Choi is hoping to deliver a similar sense of value at Locol,  where the most expensive item on the menu is $6.

“We imagine the menu,” Choi says, “and then once we cook it, we break it down. If it’s too expensive, then we look for a technique to bridge it.” When it came to moving into Watts, the Locol team called on those who had a long relationship with and knowledge of the neighborhood to help come up with dishes that would appeal to the community 

“There’s a big difference between pressing yourself upon someone and asking permission, so we asked permission,” Choi says. He spoke to Sherrills, who offered to be Choi’s bridge to the community and helped him speak to people at community meetings and knock on doors. “It was like I was running for office,” he jokes. “But it wasn’t political; it was completely soulful.”

Some residents say they are optimistic about Locol's goals.

“I think this will build Watts up,” Perrine Madison says. “It’ll create a job or two, and it’ll get a lot of business. The kids [from Florence Griffith Joyner Elementary School, just across the street from Locol] won’t have to go too far to get food.”

Roy Choi speaks to reporters at Locol's opening; Credit: Phoenix Tso

Roy Choi speaks to reporters at Locol's opening; Credit: Phoenix Tso

While Locol and the Watts Healthy Farmers Market seek to provide healthy food to Watts, there’s another nascent venture that intends to empower the neighborhood to grow its own food, a proposal that's perhaps even more ambitious. This project is called Mudtown Farms, and it's spearheaded by Tim Watkins, of the WLCAC.

I sat in Watkins’ office one day last summer, drinking a paper cup of fruit-infused water from a large glass pitcher at the WLCAC’s reception desk. Watkins showed me a color drawing of the proposed farm, still in the planning stage. The site will have a mixed-use orchard, land for sustainable agriculture and “vertical gardens” of stainless steel grids along Mudtown Farms’ perimeter. “We’re gonna grow along the fence lines, as much as we can, things that you can walk up and eat, so berries, cherry tomatoes, whatever we can grow to just consume right on the spot.”

Mudtown Farms will also utilize what residents are already growing in their own yards, recruiting them to be “yardeners.”

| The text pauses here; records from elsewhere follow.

(* Let $\tilde{\mathcal L}^{\tau,\sigma_1}$ be the real Lie algebra of formal Laurent series $\xi(\lambda)=\sum_{j\le n_0}\xi_j\lambda^j$ (for some integer $n_0$ depending on $\xi$) such that $\xi_j\in\mathfrak k_1$ for $j$ even and $\xi_j\in\mathfrak p_1$ for $j$ odd, with bracket $[\sum_i\xi_i\lambda^i,\sum_j\eta_j\lambda^j]=\sum_k\big(\sum_{i+j=k}[\xi_i,\eta_j]\big)\lambda^k$. Define $$\tilde{\mathcal L}^{\tau,\sigma_1}_+=\Big\{\xi\in\tilde{\mathcal L}^{\tau,\sigma_1}:\ \xi_{-j}=\sigma_2(\xi_j)\ \text{for all } j,\ \ \xi(1):=\textstyle\sum_j\xi_j\in\mathfrak k_2'\Big\},$$ $$\tilde{\mathcal L}^{\tau,\sigma_1}_-=\Big\{\xi\in\tilde{\mathcal L}^{\tau,\sigma_1}:\ \xi_j=0\ \text{for } j>0,\ \xi_0\in\mathfrak k_1'\Big\}.$$ (Elements of $\tilde{\mathcal L}^{\tau,\sigma_1}_+$ are Laurent polynomials, so $\xi(1)$ is a finite sum.) Then $\tilde{\mathcal L}^{\tau,\sigma_1}_+$ and $\tilde{\mathcal L}^{\tau,\sigma_1}_-$ are Lie subalgebras of $\tilde{\mathcal L}^{\tau,\sigma_1}$ and $\tilde{\mathcal L}^{\tau,\sigma_1}=\tilde{\mathcal L}^{\tau,\sigma_1}_+\oplus\tilde{\mathcal L}^{\tau,\sigma_1}_-$ as a direct sum of vector spaces; i.e., every $A\in\tilde{\mathcal L}^{\tau,\sigma_1}$ can be written uniquely as $A=\xi+\eta$ with $\xi\in\tilde{\mathcal L}^{\tau,\sigma_1}_+$, $\eta\in\tilde{\mathcal L}^{\tau,\sigma_1}_-$.
   Context: Let $\mathfrak g$ be a complex simple Lie algebra, $\tau$ a conjugate-linear involution of $\mathfrak g$, and $\sigma_1,\sigma_2$ complex-linear involutions of $\mathfrak g$, the three involutions pairwise commuting. Let $\mathfrak u=\{x\in\mathfrak g:\tau(x)=x\}$. For $i=1,2$ let $\mathfrak k_i=\{x\in\mathfrak u:\sigma_i(x)=x\}$ and $\mathfrak p_i=\{x\in\mathfrak u:\sigma_i(x)=-x\}$, so $\mathfrak u=\mathfrak k_i\oplus\mathfrak p_i$. Put $\mathfrak q_1=\mathfrak k_1\cap\mathfrak p_2$ and $\mathfrak q_2=\mathfrak k_2\cap\mathfrak p_1$. Assume: $\mathfrak k_1\cap\mathfrak k_2=\mathfrak s_1\oplus\mathfrak s_2$ for ideals $\mathfrak s_1,\mathfrak s_2$ of $\mathfrak k_1\cap\mathfrak k_2$; the subspaces $\mathfrak k_1':=\mathfrak s_2\oplus\mathfrak q_1$ and $\mathfrak k_2':=\mathfrak s_1\oplus\mathfrak q_2$ are Lie subalgebras; and $\mathfrak k_1=\mathfrak s_1\oplus\mathfrak k_1'$, $\mathfrak k_2=\mathfrak k_2'\oplus\mathfrak s_2$ as direct sums of Lie algebras (these are the Lie algebra versions of $K_1\cap K_2=S_1\times S_2$, $K_1=S_1\times K_1'$, $K_2=K_2'\times S_2$). *)

From HB Require Import structures.
From mathcomp Require Import all_boot all_order all_algebra.
Set Implicit Arguments. Unset Strict Implicit. Unset Printing Implicit Defensive.
Import Order.TTheory GRing.Theory Num.Theory.
Local Open Scope ring_scope.

Definition nat_of_int (z : int) : nat :=
  match z with Posz n => n | Negz _ => 0%N end.

Section Defs.
Variables (C : numClosedFieldType) (V : vectType C).

Definition is_lie_bracket (br : V -> V -> V) : Prop :=
  [/\ (forall (a : C) x y z, br (a *: x + y) z = a *: br x z + br y z),
      (forall (a : C) x y z, br z (a *: x + y) = a *: br z x + br z y),
      (forall x, br x x = 0) &
      (forall x y z, br x (br y z) + br y (br z x) + br z (br x y) = 0)].

Definition is_simple_lie (br : V -> V -> V) : Prop :=
  (exists x y, br x y != 0) /\
  (forall I : {vspace V}, (forall x y, y \in I -> br x y \in I) ->
     I = 0%VS \/ I = fullv).

Definition conj_lin_involution (br : V -> V -> V) (t : V -> V) : Prop :=
  [/\ (forall (a : C) x y, t (a *: x + y) = a^* *: t x + t y),
      (forall x y, t (br x y) = br (t x) (t y)) &
      (forall x, t (t x) = x)].

Definition lin_involution (br : V -> V -> V) (s : V -> V) : Prop :=
  [/\ (forall (a : C) x y, s (a *: x + y) = a *: s x + s y),
      (forall x y, s (br x y) = br (s x) (s y)) &
      (forall x, s (s x) = x)].

Definition real_subspace (S : V -> Prop) : Prop :=
  [/\ S 0, (forall x y, S x -> S y -> S (x + y)) &
      (forall (a : C) x, a \is Num.real -> S x -> S (a *: x))].

Variables (br : V -> V -> V) (tau sig1 sig2 : V -> V) (s1 s2 : V -> Prop).

Definition uu (x : V) : Prop := tau x = x.
Definition kk1 (x : V) : Prop := uu x /\ sig1 x = x.
Definition pp1 (x : V) : Prop := uu x /\ sig1 x = - x.
Definition kk2 (x : V) : Prop := uu x /\ sig2 x = x.
Definition pp2 (x : V) : Prop := uu x /\ sig2 x = - x.
Definition qq1 (x : V) : Prop := kk1 x /\ pp2 x.
Definition qq2 (x : V) : Prop := kk2 x /\ pp1 x.
Definition kk1' (x : V) : Prop := exists a b, s2 a /\ qq1 b /\ x = a + b.
Definition kk2' (x : V) : Prop := exists a b, s1 a /\ qq2 b /\ x = a + b.

(* formal Laurent series sum_{j <= n0} xi_j lambda^j, as coefficient maps *)
Definition vanish_above (n : int) (xi : int -> V) : Prop :=
  forall j, n < j -> xi j = 0.

Definition Ltilde (xi : int -> V) : Prop :=
  (exists n0 : int, vanish_above n0 xi) /\
  (forall j, if odd (absz j) then pp1 (xi j) else kk1 (xi j)).

(* bracket of Laurent series: for xi vanishing above n and eta vanishing above
   m, coefficient k is sum_{i+j=k} [xi_i, eta_j], i.e. the (finite) sum over
   i = n, n-1, ..., k-m (all other terms vanish). *)
Definition lbr (n m : int) (xi eta : int -> V) : int -> V :=
  fun k => \sum_(t < nat_of_int (n + m - k + 1))
             br (xi (n - t%:Z)) (eta (k - n + t%:Z)).

(* xi(1) = sum_{j=-n}^{n} xi_j, for a Laurent polynomial vanishing outside [-n,n] *)
Definition eval1 (n : nat) (xi : int -> V) : V :=
  \sum_(t < (n.*2).+1) xi (n%:Z - t%:Z).

Definition Lplus (xi : int -> V) : Prop :=
  [/\ Ltilde xi,
      (forall j, xi (- j) = sig2 (xi j)) &
      (exists n : nat, vanish_above n%:Z xi /\ kk2' (eval1 n xi))].

Definition Lminus (xi : int -> V) : Prop :=
  [/\ Ltilde xi, (forall j, 0 < j -> xi j = 0) & kk1' (xi 0)].

Definition loop_subalgebra (P : (int -> V) -> Prop) : Prop :=
  [/\ (forall xi, P xi -> Ltilde xi),
      P (fun _ => 0),
      (forall xi eta, P xi -> P eta -> P (fun j => xi j + eta j)),
      (forall (a : C) xi, a \is Num.real -> P xi -> P (fun j => a *: xi j)) &
      (forall xi eta n m, P xi -> P eta -> vanish_above n xi ->
         vanish_above m eta -> P (lbr n m xi eta))].

End Defs.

“The yardeners are people that grow in the backyards and have for the last 100 years or more in Watts — huge, huge quantities of avocado, orange, nectarine, loquat, guava, just you name it, all kinds of beautiful fruit trees are growing in the backyards of Watts area residents. And more often than not, it’s going to waste.”

Mudtown Farms personnel will train residents in sustainable growing techniques and will inspect and certify the site that they grow on. They will then help the gardeners sell their bounty under the Mudtown Farms name. The yardeners who excel will get to tend plots at Mudtown Farms’ master gardener center and can package and distribute their food on-site.

In a few years, Mudtown Farms hopes to grow a community-run network that supplies both local business and residents. Along with Locol and the Watts Healthy Farmers Market, they represent three distinct but intertwined projects that aim to alter the way an entire neighborhood eats.

“If we do this right, we come out of it with beautiful access to food that can be served at the local schools, at the local homes and the local hamburger stands,” Watkins says, “where someone is trying to make that transition into a healthier set of choices.”